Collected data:
Section Denotation.
Variables (R : numFieldType) (alpha : R) (K : eqType) (K' : choiceType) (emb : K -> K').
Local Notation qeval := (qeval alpha).

Definition fsden (l : fsum K) : {malg R[K']} := \sum_(x <- l) qeval x.1 *: << emb x.2 >>.

Lemma fsden_cons x l : fsden (x :: l) = qeval x.1 *: << emb x.2 >> + fsden l.
Proof. exact: big_cons. Qed.

Lemma fsden_nil : fsden [::] = 0.
Proof. exact: big_nil. Qed.

Lemma fsden_single r k : fsden [:: ([:: r], k)] = ratr r *: << emb k >>.
Proof. by rewrite fsden_cons fsden_nil addr0 qevalC. Qed.

Lemma fsden_cat l1 l2 : fsden (l1 ++ l2) = fsden l1 + fsden l2.
Proof. exact: big_cat. Qed.

Lemma fsden_flatten ls : fsden (flatten ls) = \sum_(l <- ls) fsden l.
Proof.
elim: ls => [|l ls IH]; first by rewrite /fsden !big_nil.
by rewrite big_cons -IH -fsden_cat.
Qed.

Lemma fsdenZ q l : fsden (fsZ q l) = qeval q *: fsden l.
Proof.
rewrite /fsden big_map scaler_sumr.
by apply: eq_bigr => x _; rewrite qevalM scalerA.
Qed.

Lemma fsden_scale_alpha l : alpha *: fsden l = fsden (fsZ [:: 0; 1] l).
Proof. by rewrite fsdenZ /= !rmorph0 rmorph1 mulr0 !addr0 add0r mulr1. Qed.

Lemma fsden_scale_2alpha l : (2 * alpha) *: fsden l = fsden (fsZ [:: 0; 2] l).
Proof. by rewrite fsdenZ /= !rmorph0 rmorph_nat mulr0 !addr0 add0r mulrC. Qed.

Lemma fsden_scale_half l : ((1 + alpha) / 2) *: fsden l = fsden (fsZ [:: 1/2; 1/2] l).
Proof. by rewrite fsdenZ /= mulr0 addr0 rmorphM rmorph1 fmorphV rmorph_nat mulrDl mul1r mulrC. Qed.

Lemma fsdenN l : fsden (fsN l) = - fsden l.
Proof.
rewrite /fsden big_map -sumrN.
by apply: eq_bigr => x _; rewrite qevalN scaleNr.
Qed.

Lemma fsden_norm l : fsden (fsnorm l) = fsden l.
Proof.
have fsden_insert x l' : fsden (fsinsert x l') = fsden (x :: l').
  elim: l' => [|y l' IH] //=; case: eqP => [exy|_].
    by rewrite !fsden_cons /= exy qevalD scalerDl addrA.
  by rewrite !fsden_cons IH fsden_cons addrCA.
by elim: l => [|x l IH] //=; rewrite fsden_insert !fsden_cons IH.
Qed.

Lemma fsden_eq0 l : fseq0 l -> fsden l = 0.
Proof.
rewrite /fseq0 -fsden_norm; elim: (fsnorm l) => [|x l' IH] /=; first by rewrite /fsden big_nil.
by case/andP => /(qeval_eq0 alpha) x0 /IH; rewrite fsden_cons x0 scale0r add0r.
Qed.
Lemma mus_same_end l r s1 s2 t : mus l r s1 t -> mus l r s2 t -> s1 = s2.
Proof.
move=> M1 M2; case: (leqP s1 s2) => [| /ltnW] le.
  by case: (mus_nested_eq M2 M1 le (leqnn t)).
by case: (mus_nested_eq M1 M2 le (leqnn t)).
Qed.

Lemma mus_widen l r l' r' s t : l' <= l -> r <= r' ->
  mus l r s t -> unique_at l' r' s (t.+1 - s) -> mus l' r' s t.
Proof.
move=> ll rr [ls st tr _ R] U; split => //; try lia.
by move=> a n an nt; apply: repeats_at_window (R a n an nt).
Qed.

Lemma not_mus_inner_unique l r s t :
  l <= s -> s <= t -> t <= r -> unique_at l r s (t.+1 - s) -> ~ mus l r s t ->
  exists2 d, d <= 1 & unique_at l r (s + d) (t - s).
Proof.
move=> ls st tr U N.
have [a [n [an nt Ua]]] :
    exists a n, [/\ a + n <= t.+1 - s, n < t.+1 - s & unique_at l r (s + a) n].
  apply: contrapT => NU; apply: N; split => // a n an nt.
  by apply: not_unique_at => Ua; apply: NU; exists a, n.
exists (minn a 1); first exact: geq_minr.
apply: (unique_at_superword (a := a - minn a 1) (n := n)); first lia.
by rewrite -addnA subnKC // geq_minl.
Qed.

(* [d] selects the maximal proper substring [s+d..t+d-1] of [[s, t]]. *)
Definition right_anchored l r d s t :=
  [/\ mus l r.+1 s t, t <= r, unique_at l r (s + d) (t - s)
    & ends_at r.+1 (s + d) (t - s)].

Definition left_anchored l r d s t :=
  [/\ mus l r s t, l < s, unique_at l.+1 r (s + d) (t - s)
    & matches l (s + d) (t - s)].

Lemma mus_extendr_lost l r s t :
  mus l r s t -> ~ mus l r.+1 s t -> ends_at r.+1 s (t.+1 - s).
Proof.
move=> M N; case: (M) => _ _ _ U _; apply: repeats_at_extendr U _.
by apply: not_unique_at => U'; apply: N; apply: mus_widen (leqnn l) (leqnSn r) M U'.
Qed.

Lemma mus_extendl_lost l r s t :
  mus l.+1 r s t -> ~ mus l r s t -> matches l s (t.+1 - s).
Proof.
move=> M N; case: (M) => _ _ _ U _; apply: repeats_at_extendl U _.
by apply: not_unique_at => U'; apply: N; apply: mus_widen (leqnSn l) (leqnn r) M U'.
Qed.

Lemma mus_extendr_new l r s t : mus l r.+1 s t -> ~ mus l r s t ->
  t = r.+1 \/ exists2 d, d <= 1 & right_anchored l r d s t.
Proof.
move=> M N; case: (M) => ls st tr U R.
case: (leqP t r) => [tr' | rt]; last by left; lia.
have [d d1 Ud] :=
  not_mus_inner_unique ls st tr' (unique_at_window (leqnn l) (leqnSn r) U) N.
right; exists d => //; split => //.
by apply: repeats_at_extendr Ud _; apply: R; lia.
Qed.

Lemma mus_extendl_new l r s t : mus l r s t -> ~ mus l.+1 r s t ->
  s = l \/ exists2 d, d <= 1 & left_anchored l r d s t.
Proof.
move=> M N; case: (M) => ls st tr U R.
case: (ltnP l s) => [ls' | sl]; last by left; lia.
have [d d1 Ud] :=
  not_mus_inner_unique ls' st tr (unique_at_window (leqnSn l) (leqnn r) U) N.
right; exists d => //; split => //.
by apply: repeats_at_extendl Ud _; apply: R; lia.
Qed.

Lemma mus_ends_at_eq l r s1 t1 s2 t2 : mus l r s1 t1 -> mus l r s2 t2 ->
  ends_at r.+1 s1 (t1.+1 - s1) -> ends_at r.+1 s2 (t2.+1 - s2) ->
  t1 - s1 <= t2 - s2 -> (s1, t1) = (s2, t2).
Proof.
move=> M1 M2 [p1 e1 m1] [p2 e2 m2] le.
case: (M1) (M2) => _ st1 _ U1 _ [ls2 st2 tr2 _ _].
have e : s1 = s2 + (p1 - p2) by apply: unique_at_copy U1 ls2 _ _ _ m1 m2; lia.
by apply: mus_nested_eq M1 M2 _ _; lia.
Qed.

Lemma mus_starts_at_eq l r s1 t1 s2 t2 : mus l.+1 r s1 t1 -> mus l.+1 r s2 t2 ->
  matches l s1 (t1.+1 - s1) -> matches l s2 (t2.+1 - s2) ->
  t1 - s1 <= t2 - s2 -> (s1, t1) = (s2, t2).
Proof.
move=> M1 M2 m1 m2 le.
case: (M1) (M2) => _ st1 _ U1 _ [ls2 st2 tr2 _ _].
have e : s1 = s2 + (l - l) by apply: unique_at_copy U1 ls2 _ _ _ m1 m2; lia.
by apply: mus_nested_eq M1 M2 _ _; lia.
Qed.

Lemma right_anchored_eq l r d s1 t1 s2 t2 : d <= 1 ->
  right_anchored l r d s1 t1 -> right_anchored l r d s2 t2 ->
  t1 - s1 <= t2 - s2 -> (s1, t1) = (s2, t2).
Proof.
move=> d1 [M1 _ U1 [p1 e1 m1]] [M2 tr2 _ [p2 e2 m2]] le.
case: (M1) (M2) => _ st1 _ _ _ [ls2 st2 _ _ _].
have e : s1 + d = s2 + d + (p1 - p2) by apply: unique_at_copy U1 _ _ _ _ m1 m2; lia.
by apply: mus_nested_eq M1 M2 _ _; lia.
Qed.

Lemma left_anchored_eq l r d s1 t1 s2 t2 : d <= 1 ->
  left_anchored l r d s1 t1 -> left_anchored l r d s2 t2 ->
  t1 - s1 <= t2 - s2 -> (s1, t1) = (s2, t2).
Proof.
move=> d1 [M1 _ U1 m1] [M2 ls2 _ m2] le.
case: (M1) (M2) => _ st1 _ _ _ [_ st2 tr2 _ _].
have e : s1 + d = s2 + d + (l - l) by apply: unique_at_copy U1 _ _ _ _ m1 m2; lia.
by apply: mus_nested_eq M1 M2 _ _; lia.
Qed.

Lemma mus_extendr_lost_at_most1 l r :
  at_most 1 (fun x => mus l r x.1 x.2 /\ ~ mus l r.+1 x.1 x.2).
Proof.
apply: (at_most1_by_measure (m := fun x => x.2 - x.1)).
move=> [s1 t1] [s2 t2] /= [M1 N1] [M2 N2].
exact: mus_ends_at_eq M1 M2 (mus_extendr_lost M1 N1) (mus_extendr_lost M2 N2).
Qed.

Lemma mus_extendl_lost_at_most1 l r :
  at_most 1 (fun x => mus l.+1 r x.1 x.2 /\ ~ mus l r x.1 x.2).
Proof.
apply: (at_most1_by_measure (m := fun x => x.2 - x.1)).
move=> [s1 t1] [s2 t2] /= [M1 N1] [M2 N2].
exact: mus_starts_at_eq M1 M2 (mus_extendl_lost M1 N1) (mus_extendl_lost M2 N2).
Qed.

Lemma mus_extendr_new_at_most3 l r :
  at_most 3 (fun x => mus l r.+1 x.1 x.2 /\ ~ mus l r x.1 x.2).
Proof.
pose anchored d (x : nat * nat) := right_anchored l r d x.1 x.2.
have anchored1 d : d <= 1 -> at_most 1 (anchored d).
  move=> d1; apply: (at_most1_by_measure (m := fun x => x.2 - x.1)).
  by move=> [s1 t1] [s2 t2]; apply: right_anchored_eq.
have ending1 : at_most 1 (fun x => mus l r.+1 x.1 x.2 /\ x.2 = r.+1).
  apply: at_most1 => -[s1 t1] [s2 t2] /= [M1 e1] [M2 e2]; subst t1 t2.
  by rewrite (mus_same_end M1 M2).
apply: (at_mostW (at_mostU ending1 (at_mostU (anchored1 0 isT) (anchored1 1 isT))))
  => //.
move=> [s t] /= [M N].
case: (mus_extendr_new M N) => [e | [[| [| //]] _ P]].
- by left.
- by right; left.
- by right; right.
Qed.

Lemma mus_extendl_new_at_most3 l r :
  at_most 3 (fun x => mus l r x.1 x.2 /\ ~ mus l.+1 r x.1 x.2).
Proof.
pose anchored d (x : nat * nat) := left_anchored l r d x.1 x.2.
have anchored1 d : d <= 1 -> at_most 1 (anchored d).
  move=> d1; apply: (at_most1_by_measure (m := fun x => x.2 - x.1)).
  by move=> [s1 t1] [s2 t2]; apply: left_anchored_eq.
have starting1 : at_most 1 (fun x => mus l r x.1 x.2 /\ x.1 = l).
  apply: at_most1 => -[s1 t1] [s2 t2] /= [M1 e1] [M2 e2]; subst s1 s2.
  by rewrite (mus_same_start M1 M2).
apply: (at_mostW (at_mostU starting1 (at_mostU (anchored1 0 isT) (anchored1 1 isT))))
  => //.
move=> [s t] /= [M N].
case: (mus_extendl_new M N) => [e | [[| [| //]] _ P]].
- by left.
- by right; left.
- by right; right.
Qed.

Lemma mus_slide_lost_at_most4 i j :
  at_most 4 (fun x => mus i j x.1 x.2 /\ ~ mus i.+1 j.+1 x.1 x.2).
Proof.
apply: (at_mostW (at_mostU (@mus_extendl_new_at_most3 i j)
                           (@mus_extendr_lost_at_most1 i.+1 j))) => // x [M N].
by have [M' | M'] := pselect (mus i.+1 j x.1 x.2); [right | left].
Qed.

Lemma mus_slide_new_at_most4 i j :
  at_most 4 (fun x => mus i.+1 j.+1 x.1 x.2 /\ ~ mus i j x.1 x.2).
Proof.
apply: (at_mostW (at_mostU (@mus_extendr_new_at_most3 i.+1 j)
                           (@mus_extendl_lost_at_most1 i j))) => // x [M N].
by have [M' | M'] := pselect (mus i.+1 j x.1 x.2); [right | left].
Qed.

**PROBLEM DESCRIPTION**
Find the line that contains "apply: (at_mostW (at_mostU (@mus_extendl_new_at_most3" in the data above. Reproduce it and every later line exactly, through the last one.

**RESULT FOR THIS EXERCISE**
apply: (at_mostW (at_mostU (@mus_extendl_new_at_most3 i j)
                           (@mus_extendr_lost_at_most1 i.+1 j))) => // x [M N].
by have [M' | M'] := pselect (mus i.+1 j x.1 x.2); [right | left].
Qed.

Lemma mus_slide_new_at_most4 i j :
  at_most 4 (fun x => mus i.+1 j.+1 x.1 x.2 /\ ~ mus i j x.1 x.2).
Proof.
apply: (at_mostW (at_mostU (@mus_extendr_new_at_most3 i.+1 j)
                           (@mus_extendl_lost_at_most1 i j))) => // x [M N].
by have [M' | M'] := pselect (mus i.+1 j x.1 x.2); [right | left].
Qed.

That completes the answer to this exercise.